Work instruction — Find the lines of data that contain the string "Strict", then list them.

Start of Data provided

(* Let $\alpha$ be a graph function on a strongly connected digraph $G$. Applying a lowering operation (at any vertex) to $\alpha$ cannot increase the raising imbalance $\rho^R_v$ at any vertex $v$. Symmetrically, applying a raising operation cannot increase the lowering imbalance $\rho^L_v$ at any vertex $v$.
   Context: $G$ is a strongly connected directed graph (self-loops allowed). A graph function assigns a real weight $\alpha_{uv}$ to each edge $(u,v)$. Let $\alpha_v^{\text{in}}=\max_{u:(u,v)\in G}\alpha_{uv}$, $\alpha_v^{\text{out}}=\max_{w:(v,w)\in G}\alpha_{vw}$. A balancing operation at $v$ adds $(\alpha_v^{\text{out}}-\alpha_v^{\text{in}})/2$ to every edge weight $\alpha_{uv}$ with $u\neq v$, subtracts it from every $\alpha_{vw}$ with $w\ne v$, and leaves a self-loop at $v$ unchanged. $\rho_v^R=\max\{0,\alpha_v^{\text{out}}-\alpha_v^{\text{in}}\}$, $\rho_v^L=\max\{0,\alpha_v^{\text{in}}-\alpha_v^{\text{out}}\}$. A raising operation at $v$ performs the balancing operation at $v$ if $\rho^R_v>0$ and nothing otherwise; a lowering operation at $v$ performs it if $\rho^L_v>0$ and nothing otherwise. *)

From mathcomp Require Import all_boot all_order all_algebra.
Set Implicit Arguments. Unset Strict Implicit. Unset Printing Implicit Defensive.
Import Order.TTheory GRing.Theory Num.Theory.
Local Open Scope ring_scope.

Section GraphFun.
Variables (R : realFieldType) (V : finType) (E : rel V).

Definition strongly_connected : Prop := forall u v : V, connect E u v.

(* maximum of a sequence of reals (0 on the empty sequence; never used on an
   empty sequence for strongly connected graphs with an edge) *)
Definition seqmax (s : seq R) : R := foldr Num.max (head 0 s) s.

Definition alpha_in (a : V -> V -> R) (v : V) : R :=
  seqmax [seq a u v | u <- enum V & E u v].
Definition alpha_out (a : V -> V -> R) (v : V) : R :=
  seqmax [seq a v w | w <- enum V & E v w].

Definition rhoR (a : V -> V -> R) (v : V) : R :=
  Num.max 0 (alpha_out a v - alpha_in a v).
Definition rhoL (a : V -> V -> R) (v : V) : R :=
  Num.max 0 (alpha_in a v - alpha_out a v).

Definition balance (a : V -> V -> R) (v : V) : V -> V -> R :=
  let d := (alpha_out a v - alpha_in a v) / 2 in
  fun x y => a x y + (if (y == v) && (x != v) then d else 0)
                   - (if (x == v) && (y != v) then d else 0).

Definition raise (a : V -> V -> R) (v : V) : V -> V -> R :=
  if 0 < rhoR a v then balance a v else a.
Definition lower (a : V -> V -> R) (v : V) : V -> V -> R :=
  if 0 < rhoL a v then balance a v else a.
End GraphFun.

(** If [alpha_out v <= alpha_in v], balancing at [v] adds
    [d = (alpha_out v - alpha_in v) / 2 <= 0] to the edges into [v] and [-d] to
    the edges out of [v].  Hence no edge out of a vertex [w] gains more than
    [-d], and none into [w] loses more than [-d], and both only when [w = v].
    So [alpha_out w - alpha_in w] does not increase for [w != v], while at [v]
    it becomes at most [alpha_out v - alpha_in v - 2 d = 0].  Raising is
    lowering on the converse graph with transposed weights, which exchanges
    [rhoR] and [rhoL]. *)
From mathcomp Require Import all_boot all_order all_algebra.
From mathcomp Require Import lra.
Set Implicit Arguments.
Unset Strict Implicit.
Import Order.TTheory GRing.Theory Num.Theory.
Local Open Scope ring_scope.

Section SeqMax.
Variable R : realFieldType.

Lemma foldr_max_ge (b : R) s x : x \in s -> x <= foldr Num.max b s.
Proof.
elim: s => //= y s IHs; rewrite inE le_max => /predU1P [-> | /IHs ->].
  by rewrite lexx.
by rewrite orbT.
Qed.

Lemma foldr_max_mem (b : R) s : foldr Num.max b s \in b :: s.
Proof.
elim: s => [|y s IHs] /=; first exact: mem_head.
rewrite maxEle; case: ifP => _; last by rewrite !inE eqxx orbT.
by move: IHs; rewrite !inE => /orP [-> | ->]; rewrite ?orbT.
Qed.

Lemma seqmax_ge (s : seq R) x : x \in s -> x <= seqmax s.
Proof. exact: foldr_max_ge. Qed.

Lemma seqmax_mem (s : seq R) : s != [::] -> seqmax s \in s.
Proof.
case: s => // x s _; have := foldr_max_mem x (x :: s).
by rewrite /seqmax /= !inE orbA orbb.
Qed.

Lemma seqmax_map_le_shift (T : eqType) (s : seq T) (f g : T -> R) (c : R) :
  0 <= c -> {in s, forall x, f x <= g x + c} ->
  seqmax (map f s) <= seqmax (map g s) + c.
Proof.
case: s => [|x0 s] c_ge0 fg; first by rewrite /seqmax /= add0r.
have /mapP [x xs ->] := @seqmax_mem (map f (x0 :: s)) isT.
by rewrite (le_trans (fg x xs)) // lerD2r seqmax_ge // map_f.
Qed.

End SeqMax.

Section Imbalance.
Variables (R : realFieldType) (V : finType) (E : rel V).
Implicit Types (a c : V -> V -> R) (v w : V).

Lemma alpha_out_le_shift c (c' : V -> V -> R) w k : 0 <= k ->
  (forall y, E w y -> c w y <= c' w y + k) ->
  alpha_out E c w <= alpha_out E c' w + k.
Proof.
move=> k_ge0 le_cc'; apply: seqmax_map_le_shift => // y.
by rewrite mem_filter => /andP [/le_cc'].
Qed.

Lemma alpha_in_le_shift c (c' : V -> V -> R) w k : 0 <= k ->
  (forall x, E x w -> c x w <= c' x w + k) ->
  alpha_in E c w <= alpha_in E c' w + k.
Proof.
move=> k_ge0 le_cc'; apply: seqmax_map_le_shift => // x.
by rewrite mem_filter => /andP [/le_cc'].
Qed.

Lemma rhoR_eq c (c' : V -> V -> R) w : c =2 c' -> rhoR E c w = rhoR E c' w.
Proof.
move=> ecc'; rewrite /rhoR /alpha_out /alpha_in.
by rewrite (eq_map (ecc' w)) (eq_map (ecc'^~ w)).
Qed.

Lemma rhoR_gt0 a v : (0 < rhoR E a v) = (alpha_in E a v < alpha_out E a v).
Proof. by rewrite /rhoR lt_max ltxx subr_gt0. Qed.

Lemma rhoL_gt0 a v : (0 < rhoL E a v) = (alpha_out E a v < alpha_in E a v).
Proof. by rewrite /rhoL lt_max ltxx subr_gt0. Qed.

End Imbalance.

Section BalanceDown.
Variables (R : realFieldType) (V : finType) (E : rel V) (a : V -> V -> R) (v : V).
Hypothesis out_le_in : alpha_out E a v <= alpha_in E a v.

Let d := (alpha_out E a v - alpha_in E a v) / 2.
Let d_le0 : d <= 0. Proof. by rewrite /d pmulr_lle0 ?invr_gt0 ?ltr0n // subr_le0. Qed.

Lemma balance_le_out x y :
  balance E a v x y <= a x y + (if x == v then - d else 0).
Proof.
by rewrite /balance -/d; have := d_le0; case: (x == v); case: (y == v) => /=; lra.
Qed.

Lemma balance_ge_in x y :
  a x y <= balance E a v x y + (if y == v then - d else 0).
Proof.
by rewrite /balance -/d; have := d_le0; case: (x == v); case: (y == v) => /=; lra.
Qed.

Lemma rhoR_balance_le w : rhoR E (balance E a v) w <= rhoR E a w.
Proof.
set k := if w == v then - d else 0.
have k_ge0 : 0 <= k by rewrite /k; case: ifP; rewrite ?oppr_ge0.
have out_le : alpha_out E (balance E a v) w <= alpha_out E a w + k.
  by apply: alpha_out_le_shift => // y _; apply: balance_le_out.
have in_ge : alpha_in E a w <= alpha_in E (balance E a v) w + k.
  by apply: alpha_in_le_shift => // x _; apply: balance_ge_in.
rewrite /rhoR ge_max le_max lexx /= le_max; apply/orP.
move: out_le in_ge; rewrite /k; case: eqP => [-> | _] out_le in_ge.
  by left; rewrite /d in out_le in_ge; lra.
by right; lra.
Qed.

End BalanceDown.

Section Converse.
Variables (R : realFieldType) (V : finType).

Definition converse {T : Type} (f : V -> V -> T) : V -> V -> T := fun x y => f y x.

Variable E : rel V.

Lemma rhoR_converse (c : V -> V -> R) w :
  rhoR (converse E) (converse c) w = rhoL E c w.
Proof. by []. Qed.

Variables (a : V -> V -> R) (v : V).

Lemma balance_converse :
  balance (converse E) (converse a) v =2 converse (balance E a v).
Proof.
move=> x y; rewrite /balance /converse /alpha_in /alpha_out /=.
by case: (x == v); case: (y == v) => /=; lra.
Qed.

Lemma rhoL_balance_le w : alpha_in E a v <= alpha_out E a v ->
  rhoL E (balance E a v) w <= rhoL E a w.
Proof.
move=> in_le_out; rewrite -!rhoR_converse -(rhoR_eq _ _ balance_converse).
exact: rhoR_balance_le.
Qed.

End Converse.

Theorem proposition1 (R : realFieldType) (V : finType) (E : rel V)
  (a : V -> V -> R) :
  strongly_connected E ->
  (forall v w : V, rhoR E (lower E a v) w <= rhoR E a w) /\
  (forall v w : V, rhoL E (raise E a v) w <= rhoL E a w).
Proof.
move=> _; split=> v w.
- rewrite /lower rhoL_gt0; case: ifP => [/ltW out_le_in | _]; last exact: lexx.
  exact: rhoR_balance_le.
- rewrite /raise rhoR_gt0; case: ifP => [/ltW in_le_out | _]; last exact: lexx.
  exact: rhoL_balance_le.
Qed.
Lemma cb_ramp0 y : 0 <= y -> cb_ramp y 0 = 1.
Proof.
move=> y0; rewrite /cb_ramp mul0r sub0r mulNr mul1r.
have N_inv_gt0 : 0 < N%:R^-1 :> R by rewrite invr_gt0.
rewrite (minEle y 0) (minEle y (- _)); case: leP => y_le0; case: leP => ?; try lra.
  by rewrite (_ : y = 0) ?sub0r ?opprK ?mulfV ?gt_eqF //; lra.
by rewrite sub0r opprK mulfV ?gt_eqF.
Qed.

Lemma cb_ramp_last y : y <= 1 -> cb_ramp y N.+1 = 0.
Proof.
move=> y1; rewrite /cb_ramp -natr1 addrK divff ?gt_eqF // !minEle.
have : 1 <= (N%:R + 1) / N%:R :> R by rewrite ler_pdivlMr // mul1r lerDl.
by move=> /(le_trans y1) ->; rewrite y1 subrr mulr0.
Qed.

Lemma cb_hatE y j : let a := j%:R / N%:R in let h := N%:R^-1 in
  cb_hat y j = N%:R *
    ((Num.min y a - Num.min y (a - h)) - (Num.min y (a + h) - Num.min y a)).
Proof.
rewrite /cb_hat /cb_ramp -mulrBr /= mulrBl mul1r -natr1 addrK.
by rewrite [in (_ + 1) / _]mulrDl mul1r.
Qed.

Lemma cb_hat_ge0 y j : 0 <= cb_hat y j.
Proof.
rewrite cb_hatE mulr_ge0 ?ler0n // subr_ge0.
by apply: minr_diff_concave; rewrite invr_ge0 ler0n.
Qed.

Lemma cb_hat_neq0 y j : cb_hat y j != 0 -> `|y - j%:R / N%:R| < N%:R^-1.
Proof.
have h_ge0 : 0 <= N%:R^-1 :> R by rewrite invr_ge0 ler0n.
rewrite cb_hatE; apply: contraNT; rewrite ltr_norml negb_and -!leNgt => far.
rewrite minr_diff_affine ?subrr ?mulr0 //.
by case/orP: far => ?; [left | right]; lra.
Qed.

Lemma sum_cb_hat y : 0 <= y <= 1 -> \sum_(0 <= j < N.+1) cb_hat y j = 1.
Proof.
move=> /andP[y0 y1].
under eq_bigr => j _ do rewrite /cb_hat -[cb_ramp y j]opprK addrC.
by rewrite telescope_sumr // cb_ramp_last // cb_ramp0 // oppr0 opprK add0r.
Qed.
End checkerboard.

Section doubly_stochastic.
Variables (R : realType) (mu : {measure set (R * R)%type -> \bar R})
  (K : R -> {measure set R -> \bar R}).
Hypotheses (mu_ds : doubly_stochastic mu) (K_markov : markov_kernel_of mu K).

Let measurable_unitI : measurable (unitI R). Proof. exact: measurable_itv. Qed.

Let itv_sub_unitI (a b : R) : 0 <= a -> b <= 1 -> `[a, b]%classic `<=` unitI R.
Proof.
by move=> a0 b1 z; rewrite /unitI /= !in_itv /= => /andP[? ?]; apply/andP; split; lra.
Qed.

Lemma mu_setX_fin_num A B : measurable A -> measurable B ->
  A `<=` unitI R -> B `<=` unitI R -> mu (A `*` B) \is a fin_num.
Proof.
move=> mA mB sA sB; rewrite ge0_fin_numE // (@le_lt_trans _ _ 1%E) ?ltry //.
have [_ [mu_left _]] := mu_ds.
have -> : 1%E = mu (unitI R `*` unitI R).
  by rewrite mu_left // lebesgue_measure_itv /= lte_fin ltr01 oppr0 adde0.
by apply: le_measure; rewrite ?inE; [exact: measurableX..|apply: setSX].
Qed.

Lemma mu_setX_itv00 A : measurable A -> A `<=` unitI R ->
  mu (A `*` `[0, 0]%classic) = 0%E.
Proof.
move=> mA sA; apply/eqP; rewrite eq_le measure_ge0 andbT.
have [_ [_ mu_right]] := mu_ds.
have <- : (@lebesgue_measure R) `[0, 0]%classic = 0%E.
  by rewrite lebesgue_measure_itv /= ltxx.
rewrite -mu_right //; last exact: itv_sub_unitI ler01.
by apply: le_measure; rewrite ?inE; [exact: measurableX..|exact: setSX].
Qed.

Lemma mu_setX_itv_oc A (a b : R) : measurable A -> A `<=` unitI R ->
  0 <= a -> a <= b -> b <= 1 ->
  fine (mu (A `*` `]a, b]%classic)) =
  fine (mu (A `*` `[0, b]%classic)) - fine (mu (A `*` `[0, a]%classic)).
Proof.
move=> mA sA a0 ab b1.
rewrite [`[0, b]%classic](@itv_bndbnd_setU _ _ _ (BRight a)) ?bnd_simp //.
have -> : forall B C : set R, A `*` (B `|` C) = A `*` B `|` A `*` C.
  by move=> B C; apply/seteqP; split => -[x y] /=; tauto.
rewrite measureU; [|exact: measurableX..|].
- rewrite fineD ?mu_setX_fin_num //; first by rewrite addrAC subrr add0r.
    exact: itv_sub_unitI (lexx 0) (le_trans ab b1).
  by move=> z; rewrite /unitI /= !in_itv /= => /andP[? ?]; apply/andP; split; lra.
- apply/seteqP; split => // -[x y] /= [[_]]; rewrite !in_itv /=.
  by move=> /andP[_ ?] [_ /andP[? _]]; lra.
Qed.

Lemma kernel_itv_fin_num t s : unitI R t -> s <= 1 ->
  K t `[0, s]%classic \is a fin_num.
Proof.
move=> ut s1; rewrite ge0_fin_numE // (@le_lt_trans _ _ 1%E) ?ltry //.
have [K_prob _] := K_markov; rewrite -(K_prob t ut).1.
by apply: le_measure; rewrite ?inE //; exact: itv_sub_unitI.
Qed.

Lemma mu_setX_itv_bounds A (s r c C : R) :
  measurable A -> A `<=` unitI R -> s <= 1 -> (@lebesgue_measure R) A = r%:E ->
  (forall t, A t -> c <= fine (K t `[0, s]%classic) <= C) ->
  c * r <= fine (mu (A `*` `[0, s]%classic)) <= C * r.
Proof.
move=> mA sA s1 lebA K_bounds.
have s_sub : `[0, s]%classic `<=` unitI R by exact: itv_sub_unitI.
have [_ [K_meas K_int]] := K_markov.
have mK : measurable_fun A (fun t => K t `[0, s]%classic).
  exact: measurable_funS (K_meas _ (measurable_itv _) s_sub).
have K_fin t : A t -> K t `[0, s]%classic = (fine (K t `[0, s]%classic))%:E.
  by move=> At; rewrite fineK // kernel_itv_fin_num //; exact: sA.
have cst_int (k : R) : (k * r)%:E = (\int[@lebesgue_measure R]_(t in A) k%:E)%E.
  by rewrite integral_cst // EFinM; congr (_ * _)%E; exact: esym lebA.
rewrite -!lee_fin fineK ?mu_setX_fin_num // -K_int //; apply/andP; split.
- have [c_le0|c_gt0] := leP c 0.
    apply: (@le_trans _ _ 0%E); last exact: integral_ge0.
    by rewrite lee_fin mulr_le0_ge0 // -lee_fin -lebA.
  rewrite cst_int; apply: ge0_le_integral => // [t _|t At].
    by rewrite lee_fin ltW.
  by rewrite K_fin // lee_fin; case/andP: (K_bounds t At).
- rewrite cst_int; apply: ge0_le_integral => // t At.
  by rewrite K_fin // lee_fin; case/andP: (K_bounds t At).
Qed.

Definition strip_avg N i j : R :=
  N%:R * fine (mu (cbI R N i `*` `[0, j%:R / N%:R]%classic)).

Lemma strip_avg0 N i : (1 <= i <= N)%N -> strip_avg N i 0 = 0.
Proof.
move=> hi; have N_gt0 : (0 < N)%N by case/andP: hi; exact: leq_trans.
rewrite /strip_avg mul0r mu_setX_itv00 ?mulr0 //; first exact: measurable_cbI.
exact: cbI_sub_unit.
Qed.

Lemma mu_cbQ N i j : (1 <= i <= N)%N -> (1 <= j <= N)%N ->
  fine (mu (cbQ R N i j)) = (strip_avg N i j - strip_avg N i j.-1) / N%:R.
Proof.
move=> hi /andP[j_ge1 j_le]; have N_gt0 : (0 < N)%N := leq_trans j_ge1 j_le.
have N_pos : 0 < N%:R :> R by rewrite ltr0n.
have mI : measurable (cbI R N i) by exact: measurable_cbI.
have sI : cbI R N i `<=` unitI R by exact: cbI_sub_unit.
rewrite /strip_avg -mulrBr mulrC mulrA mulVf ?gt_eqF // mul1r /cbQ [cbI R N j]/cbI.
case: ifP => [/eqP -> /=|/eqP j_neq1].
  by rewrite mul0r mu_setX_itv00 // subr0 div1r.
case: j j_ge1 j_le j_neq1 => [//|[//|j]] _ j_le _ /=.
rewrite mu_setX_itv_oc ?divr_ge0 ?ler_pM2r ?invr_gt0 ?ler_nat //.
by rewrite ler_pdivrMr // mul1r ler_nat.
Qed.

End of Data provided

Solution for this problem —
Set Implicit Arguments. Unset Strict Implicit. Unset Printing Implicit Defensive.
Unset Strict Implicit.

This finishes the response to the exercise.